With life insurance sales stagnant and interest rates remaining low, life insurance carriers are looking to generate sales by making their products more flexible — which is what consumers also say they want.
Surveys show many American families have low savings rates and could not come up with emergency funds of a few thousand dollars. Giving them access to the cash built up within a universal life policy is designed to address that.
In addition to offering consumers and small-business owners more cash faster than in traditional life insurance policies, Premier Accumulator delivers benefits from noncorrelated asset classes and low surrender charges, the company said.
Lunman told InsuranceNewsNet that changes to the compensation structure mean advisors who sell Premier Accumulator will get paid more in trailing compensation than they would by selling other life insurance products.

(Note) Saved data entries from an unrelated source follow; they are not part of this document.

(* Suppose $x_j(0)=y_j(0)=0$ for all individuals $j=1,\dots,n$, and let $i$ be an individual with $\alpha_i=\min_j\alpha_j$. If individual $i$ acts for the first time at time $t$, then every other individual has acted (for the first time) at some time $\le t$. Equivalently, an individual with larger $\alpha$ takes its first action no later than an individual with smaller $\alpha$.
   Context: Model: Fix an integer $n\ge 2$ (number of individuals) and parameters $\sigma_A,\sigma_S\ge 0$, $\sigma_C>0$, $\mu_S\in[0,1]$, $\mu_C>0$, $r>0$, $\tau\in(0,1)$, $\alpha_1,\dots,\alpha_n\in(-1,1)$. Individual $i$ has state $(x_i(t),y_i(t))$, $x_i\in(-1,1)$, $y_i\in[0,1]$, and $\gamma_i(t)=\frac{1}{n-1}\sum_{j\neq i}y_j(t)$. Between action events the state evolves by $\dot x_i=[\sigma_A\alpha_i+\sigma_S(\gamma_i-\mu_S)]\,\sigma_C(\gamma_i+\mu_C)(1-x_i)(1+x_i)$, $\dot y_i=-ry_i$. Individual $i$ ''acts'' at a time $t$ when $x_i(t)$ reaches the threshold $\tau$ (i.e. $x_i(t)\ge\tau$); immediately afterwards $x_i$ is reset to $0$ and $y_i$ is reset to $1$, and the continuous evolution resumes from the new state. *)

From Stdlib Require Import Reals Lra List.
From Coquelicot Require Import Coquelicot.
Open Scope R_scope.

(* Individuals are indexed by natural numbers 0 <= j < n.
   A state trajectory is given by X Y : nat -> R -> R,
   X j t = x_j(t), Y j t = y_j(t) (post-reset values at action times). *)

Definition sum_others (n : nat) (Y : nat -> R -> R) (i : nat) (t : R) : R :=
  fold_right Rplus 0
    (map (fun j => if Nat.eq_dec j i then 0 else Y j t) (seq 0 n)).

Definition gamma (n : nat) (Y : nat -> R -> R) (i : nat) (t : R) : R :=
  / (INR n - 1) * sum_others n Y i t.

Definition xdot (sA sS sC muS muC ai g x : R) : R :=
  (sA * ai + sS * (g - muS)) * sC * (g + muC) * (1 - x) * (1 + x).

Definition right_deriv (f : R -> R) (t l : R) : Prop :=
  filterlim (fun h => (f (t + h) - f t) / h) (at_right 0) (locally l).

(* individual i acts at time t > 0: x_i reaches the threshold tau from
   below as s -> t^- (the value X i t is then the post-reset value) *)
Definition acts (X : nat -> R -> R) (tau : R) (i : nat) (t : R) : Prop :=
  0 < t /\ filterlim (X i) (at_left t) (locally tau).

(* (X, Y) is a trajectory of the hybrid model on [0, +oo):
   - states stay in the model's state space, with x_i < tau (whenever x_i
     reaches tau it is immediately reset);
   - for t >= 0, x_i and y_i have right derivatives given by the ODE at the
     current (post-reset) state;
   - for t > 0, either x_i, y_i are left-continuous at t (no action), or
     x_i(s) -> tau as s -> t^- and the state is reset: x_i(t)=0, y_i(t)=1. *)
Definition is_solution (n : nat) (sA sS sC muS muC r tau : R)
    (alpha : nat -> R) (X Y : nat -> R -> R) : Prop :=
  forall i, (i < n)%nat ->
  (forall t, 0 <= t ->
     -1 < X i t < tau /\ 0 <= Y i t <= 1 /\
     right_deriv (X i) t (xdot sA sS sC muS muC (alpha i) (gamma n Y i t) (X i t)) /\
     right_deriv (Y i) t (- r * Y i t)) /\
  (forall t, 0 < t ->
     (filterlim (X i) (at_left t) (locally (X i t)) /\
      filterlim (Y i) (at_left t) (locally (Y i t)))
     \/
     (filterlim (X i) (at_left t) (locally tau) /\ X i t = 0 /\ Y i t = 1)).

From Stdlib Require Import Reals Lra Lia List Classical.
From Coquelicot Require Import Coquelicot.
Open Scope R_scope.

(* Before either of two individuals i, j acts, their activities y_i, y_j solve
   the same linear equation y' = -r y from the same initial value, so they
   coincide, and hence so do gamma_i and gamma_j.  With a common gamma, the
   drift of x is increasing in alpha and Lipschitz in x, so a comparison
   principle for left-continuous, right-differentiable functions (proved by
   real induction against the barrier eps e^((K+1)s)) gives x_i <= x_j as long
   as neither acts.  If j has not acted before i's first action at t, then x_j
   is squeezed between x_i -> tau and tau, so j acts at t. *)

Lemma at_left_iff (s : R) (P : R -> Prop) :
  at_left s P <-> exists d, 0 < d /\ forall u, s - d < u < s -> P u.
Proof.
  split.
  - intros [e He]. exists e. split; [apply cond_pos|].
    intros u Hu. apply He; [|lra]. change (Rabs (u - s) < e). apply Rabs_def1; lra.
  - intros [d [Hd HP]]. exists (mkposreal d Hd). intros u Hu Hus.
    change (Rabs (u - s) < d) in Hu. apply Rabs_def2 in Hu. apply HP. lra.
Qed.

Lemma at_right_ex (s : R) (P : R -> Prop) :
  at_right s P -> exists d, 0 < d /\ forall u, s < u < s + d -> P u.
Proof.
  intros [e He]. exists e. split; [apply cond_pos|].
  intros u Hu. apply He; [|lra]. change (Rabs (u - s) < e). apply Rabs_def1; lra.
Qed.

Lemma filterlim_locally_Rabs {T} (F : (T -> Prop) -> Prop) {FF : Filter F}
    (f : T -> R) (l : R) :
  filterlim f F (locally l) <-> forall e, 0 < e -> F (fun x => Rabs (f x - l) < e).
Proof.
  rewrite filterlim_locally. split.
  - intros H e He. exact (H (mkposreal e He)).
  - intros H e. exact (H e (cond_pos e)).
Qed.

Lemma filterlim_Rminus {T} (F : (T -> Prop) -> Prop) {FF : Filter F}
    (f g : T -> R) (a b : R) :
  filterlim f F (locally a) -> filterlim g F (locally b) ->
  filterlim (fun x => f x - g x) F (locally (a - b)).
Proof.
  intros Hf Hg.
  apply (filterlim_comp_2 (G := locally a) (H := locally (opp b))
           f (fun x => opp (g x)) plus Hf).
  - exact (filterlim_comp _ _ _ g opp F (locally b) (locally (opp b)) Hg (filterlim_opp b)).
  - exact (filterlim_plus a (opp b)).
Qed.

Lemma right_deriv_minus (f g : R -> R) (s a b : R) :
  right_deriv f s a -> right_deriv g s b ->
  right_deriv (fun u => f u - g u) s (a - b).
Proof.
  intros Hf Hg. eapply filterlim_ext; [|exact (filterlim_Rminus _ _ _ _ _ Hf Hg)].
  intros h. simpl. unfold Rdiv. ring.
Qed.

He said the combination of premium-based compensation and trail-based compensation, based on the cash value within the policy, “is much more level” than with other policies. The higher the cash values in the policy, the greater the trailing compensation, he also said.
New individual life insurance premium grew only 2 percent last year compared to 2013 and policy count fell 2 percent compared to the previous year, according to LIMRA’s Retail Individual Life Insurance Survey.

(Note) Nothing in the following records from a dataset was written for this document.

(* Let $A:\mathbb{C}^n\to\mathbb{C}^m$ be linear with $\lVert A\rVert_{2\to2}\le1$ and $A^*A$ injective, $b\in\mathbb{C}^m$, $\lambda>0$, $g:\mathbb{C}^n\to\mathbb{R}$ closed proper convex, and let $x^\star$ minimize $\frac12\lVert Ax-b\rVert_2^2+\lambda g(x)$. Let $p$ be a real polynomial, and set $$\gamma=\lVert I-p(A^*A)A^*A\rVert_{2\to2},\qquad \delta=\lVert (I-p(A^*A))A^*(Ax^\star-b)\rVert_2,$$ and assume $\gamma<1$. Let $y_0\in\mathbb{C}^n$ be arbitrary and $y_{k+1}=\mathrm{prox}_{\lambda g}\bigl(y_k-p(A^*A)A^*(Ay_k-b)\bigr)$, and $e_k=y_k-x^\star$. Then $\lVert e_{k+1}\rVert_2\le\gamma\lVert e_k\rVert_2+\delta$ for all $k\ge0$, and consequently $$\limsup_{k\to\infty}\lVert y_k-x^\star\rVert_2\le\frac{\delta}{1-\gamma}.$$
   Context: $\lVert\cdot\rVert_2$ is the Euclidean norm, $A^*$ the adjoint, $\lVert\cdot\rVert_{2\to2}$ the induced operator norm, $p(A^*A)$ the polynomial evaluated at $A^*A$. For a closed proper convex $h$ and $\alpha>0$, $\mathrm{prox}_{\alpha h}(v)=\operatorname{argmin}_x \frac12\lVert x-v\rVert_2^2+\alpha h(x)$. In the paper the hypothesis $\gamma<1$ is asserted to follow from injectivity of $A^*A$ when $p$ is obtained by minimizing $\int_0^1(1-q(z)z)^2dz$ over polynomials of fixed degree. *)

From HB Require Import structures.
From mathcomp Require Import all_boot all_order all_algebra.
From mathcomp Require Import complex.
From mathcomp Require Import all_classical all_reals all_analysis.
Set Implicit Arguments. Unset Strict Implicit. Unset Printing Implicit Defensive.
Import Order.TTheory GRing.Theory Num.Theory.
Local Open Scope ring_scope.
Local Open Scope classical_set_scope.

Section Defs.
Variable R : realType.
Local Notation C := R[i].

Definition csqmod (z : C) : R := (complex.Re z) ^+ 2 + (complex.Im z) ^+ 2.

Definition norm2 {n : nat} (v : 'cV[C]_n) : R :=
  Num.sqrt (\sum_(i < n) csqmod (v i 0)).

Definition adj {m n : nat} (A : 'M[C]_(m, n)) : 'M[C]_(n, m) :=
  map_mx (@conjc R) A^T.

Definition opnorm2 {m n : nat} (M : 'M[C]_(m, n)) : R :=
  sup [set norm2 (M *m x) | x in [set x : 'cV[C]_n | norm2 x <= 1]].

Definition poly_mx {n : nat} (p : {poly R}) (M : 'M[C]_n) : 'M[C]_n :=
  \sum_(i < size p) ((p`_i)%:C)%C *: M ^+ i.

(* convexity of a real-valued function on C^n (C^n viewed as a real vector space) *)
Definition convex_fun {n : nat} (g : 'cV[C]_n -> R) : Prop :=
  forall (x y : 'cV[C]_n) (t : R), 0 <= t <= 1 ->
    g ((t%:C)%C *: x + ((1 - t)%:C)%C *: y) <= t * g x + (1 - t) * g y.

(* closedness (lower semicontinuity) of a real-valued function on C^n *)
Definition lsc_fun {n : nat} (g : 'cV[C]_n -> R) : Prop :=
  forall (x : 'cV[C]_n) (eps : R), 0 < eps ->
    exists2 d : R, 0 < d & forall y, norm2 (y - x) < d -> g x - eps < g y.

Definition is_prox {n : nat} (alpha : R) (h : 'cV[C]_n -> R) (v p : 'cV[C]_n) : Prop :=
  forall x, 2^-1 * norm2 (p - v) ^+ 2 + alpha * h p
            <= 2^-1 * norm2 (x - v) ^+ 2 + alpha * h x.

End Defs.

(* The minimizer xstar is a fixed point of the plain proximal gradient map
   y |-> prox_{lambda g}(y - A^*(A y - b)): since ||A|| <= 1, the prox objective
   majorizes the least-squares objective up to a constant and touches it at xstar.
   The prox of a convex function is nonexpansive, and the difference of the two prox
   arguments is (I - p(A^*A) A^*A) e_k + (I - p(A^*A)) A^*(A xstar - b); hence
   ||e_(k+1)|| <= gamma ||e_k|| + delta.  Iterating, ||e_k|| - delta / (1 - gamma) is
   at most gamma^k times a constant, which tends to 0. *)

From HB Require Import structures.
From mathcomp Require Import all_boot all_order all_algebra.
From mathcomp Require Import complex.
From mathcomp Require Import all_classical all_reals all_analysis.
From mathcomp Require Import ring lra.
Import Order.TTheory GRing.Theory Num.Theory.
Local Open Scope ring_scope.

Section RealInnerProduct.
Context {R : realType} {n : nat}.
Local Notation C := R[i].
Implicit Types (u v w : 'cV[C]_n) (t : R).

Definition rdot u v : R :=
  \sum_(i < n)
    (complex.Re (u i 0) * complex.Re (v i 0) + complex.Im (u i 0) * complex.Im (v i 0)).

Lemma rdotC u v : rdot u v = rdot v u.
Proof. by apply: eq_bigr => i _; ring. Qed.

Lemma rdotDr u v w : rdot u (v + w) = rdot u v + rdot u w.
Proof.
rewrite /rdot -big_split; apply: eq_bigr => i _ /=.
by rewrite !mxE; case: (v i 0) (w i 0) => [? ?] [? ?] /=; ring.
Qed.

Lemma rdotNr u v : rdot u (- v) = - rdot u v.
Proof.
rewrite /rdot -sumrN; apply: eq_bigr => i _.
by rewrite !mxE; case: (v i 0) => [? ?] /=; ring.
Qed.

Lemma rdotZr t u v : rdot u ((t%:C)%C *: v) = t * rdot u v.
Proof.
rewrite /rdot mulr_sumr; apply: eq_bigr => i _.
by rewrite !mxE; case: (v i 0) => [? ?] /=; ring.
Qed.

Lemma rdotBr u v w : rdot u (v - w) = rdot u v - rdot u w.
Proof. by rewrite rdotDr rdotNr. Qed.

Lemma rdotDl u v w : rdot (v + w) u = rdot v u + rdot w u.
Proof. by rewrite rdotC rdotDr !(rdotC u). Qed.

Lemma rdotNl u v : rdot (- u) v = - rdot u v.
Proof. by rewrite rdotC rdotNr rdotC. Qed.

Lemma rdotBl u v w : rdot (v - w) u = rdot v u - rdot w u.
Proof. by rewrite rdotC rdotBr !(rdotC u). Qed.

Lemma rdotZl t u v : rdot ((t%:C)%C *: u) v = t * rdot u v.
Proof. by rewrite rdotC rdotZr rdotC. Qed.

Lemma rdot0l v : rdot 0 v = 0.
Proof. by rewrite /rdot big1 // => i _; rewrite mxE /=; ring. Qed.

Lemma rdot_ReE u v : rdot u v = complex.Re (\sum_(i < n) (u i 0)^*%C * v i 0).
Proof.
rewrite (big_morph _ (raddfD (@complex.Re R : Rcomplex R -> R))
                   (erefl (complex.Re (0 : C)))) /=.
by apply: eq_bigr => i _; case: (u i 0) (v i 0) => [? ?] [? ?] /=; ring.
Qed.

Lemma norm2_sqrE v : norm2 v ^+ 2 = rdot v v.
Proof.
rewrite /norm2 sqr_sqrtr; last by apply: sumr_ge0 => i _; rewrite addr_ge0 ?sqr_ge0.
by apply: eq_bigr => i _; rewrite /csqmod !expr2.
Qed.

Lemma norm2_ge0 v : 0 <= norm2 v.
Proof. exact: sqrtr_ge0. Qed.

Lemma norm2_0 : norm2 (0 : 'cV[C]_n) = 0.
Proof. by rewrite /norm2 big1 ?sqrtr0 // => i _; rewrite mxE /csqmod /= expr0n addr0. Qed.

Lemma norm2_eq0 v : norm2 v = 0 -> v = 0.
Proof.
move/eqP; rewrite sqrtr_eq0 le_eqVlt ltNge sumr_ge0 ?orbF => [|i _]; last first.
  by rewrite addr_ge0 ?sqr_ge0.
rewrite psumr_eq0 => [/allP v0|i _]; last by rewrite addr_ge0 ?sqr_ge0.
apply/matrixP => i j; rewrite (ord1 j) mxE.
move/(_ i (mem_index_enum _)): v0; rewrite /csqmod paddr_eq0 ?sqr_ge0 //.
by rewrite !sqrf_eq0; case: (v i 0) => [? ?] /andP[/eqP/= -> /eqP/= ->].
Qed.

Lemma norm2_sqrD u v :
  norm2 (u + v) ^+ 2 = norm2 u ^+ 2 + 2 * rdot u v + norm2 v ^+ 2.
Proof. by rewrite !norm2_sqrE rdotDl !rdotDr (rdotC v u); ring. Qed.

Lemma norm2_sqrB u v :
  norm2 (u - v) ^+ 2 = norm2 u ^+ 2 - 2 * rdot u v + norm2 v ^+ 2.
Proof. by rewrite !norm2_sqrE rdotBl !rdotBr (rdotC v u); ring. Qed.

Lemma norm2_scale (a : C) v : norm2 (a *: v) = Num.sqrt (csqmod a) * norm2 v.
Proof.
rewrite /norm2 -sqrtrM ?addr_ge0 ?sqr_ge0 // mulr_sumr; congr Num.sqrt.
by apply: eq_bigr => i _; rewrite mxE /csqmod; case: a (v i 0) => [? ?] [? ?] /=; ring.
Qed.

Lemma norm2_scaleR t v : norm2 ((t%:C)%C *: v) = `|t| * norm2 v.
Proof. by rewrite norm2_scale /csqmod /= expr0n addr0 sqrtr_sqr. Qed.

Lemma rdot_le_norm2 u v : rdot u v <= norm2 u * norm2 v.
Proof.
have [/norm2_eq0 ->|u_neq0] := eqVneq (norm2 u) 0.
  by rewrite rdot0l mulr_ge0 ?norm2_ge0.
have [/norm2_eq0 ->|v_neq0] := eqVneq (norm2 v) 0.
  by rewrite rdotC rdot0l mulr_ge0 ?norm2_ge0.
have u_gt0 : 0 < norm2 u by rewrite lt_def u_neq0 norm2_ge0.
have v_gt0 : 0 < norm2 v by rewrite lt_def v_neq0 norm2_ge0.
have := sqr_ge0 (norm2 ((norm2 v)%:C%C *: u - (norm2 u)%:C%C *: v)).
rewrite norm2_sqrB !norm2_scaleR rdotZl rdotZr !gtr0_norm // => sq_ge0.
have uv_gt0 : 0 < norm2 u * norm2 v by rewrite mulr_gt0.
have : 0 <= (2 * (norm2 u * norm2 v)) * (norm2 u * norm2 v - rdot u v) by nra.
by rewrite pmulr_rge0 ?subr_ge0 // mulr_gt0.
Qed.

Policy count has declined in six out of the last 10 years, the survey also found.
Several large life insurers in the past year have made changes to their life insurance product portfolios.
John Hancock last year said it had “re-engineered” term life products to make them less expensive, and Lincoln Financial Group last fall said it had instituted changes to its Life Elements suite of level-premium term products.
Last August, MetLife said it was cutting rates on its guaranteed level term product to expand the reach into the middle market.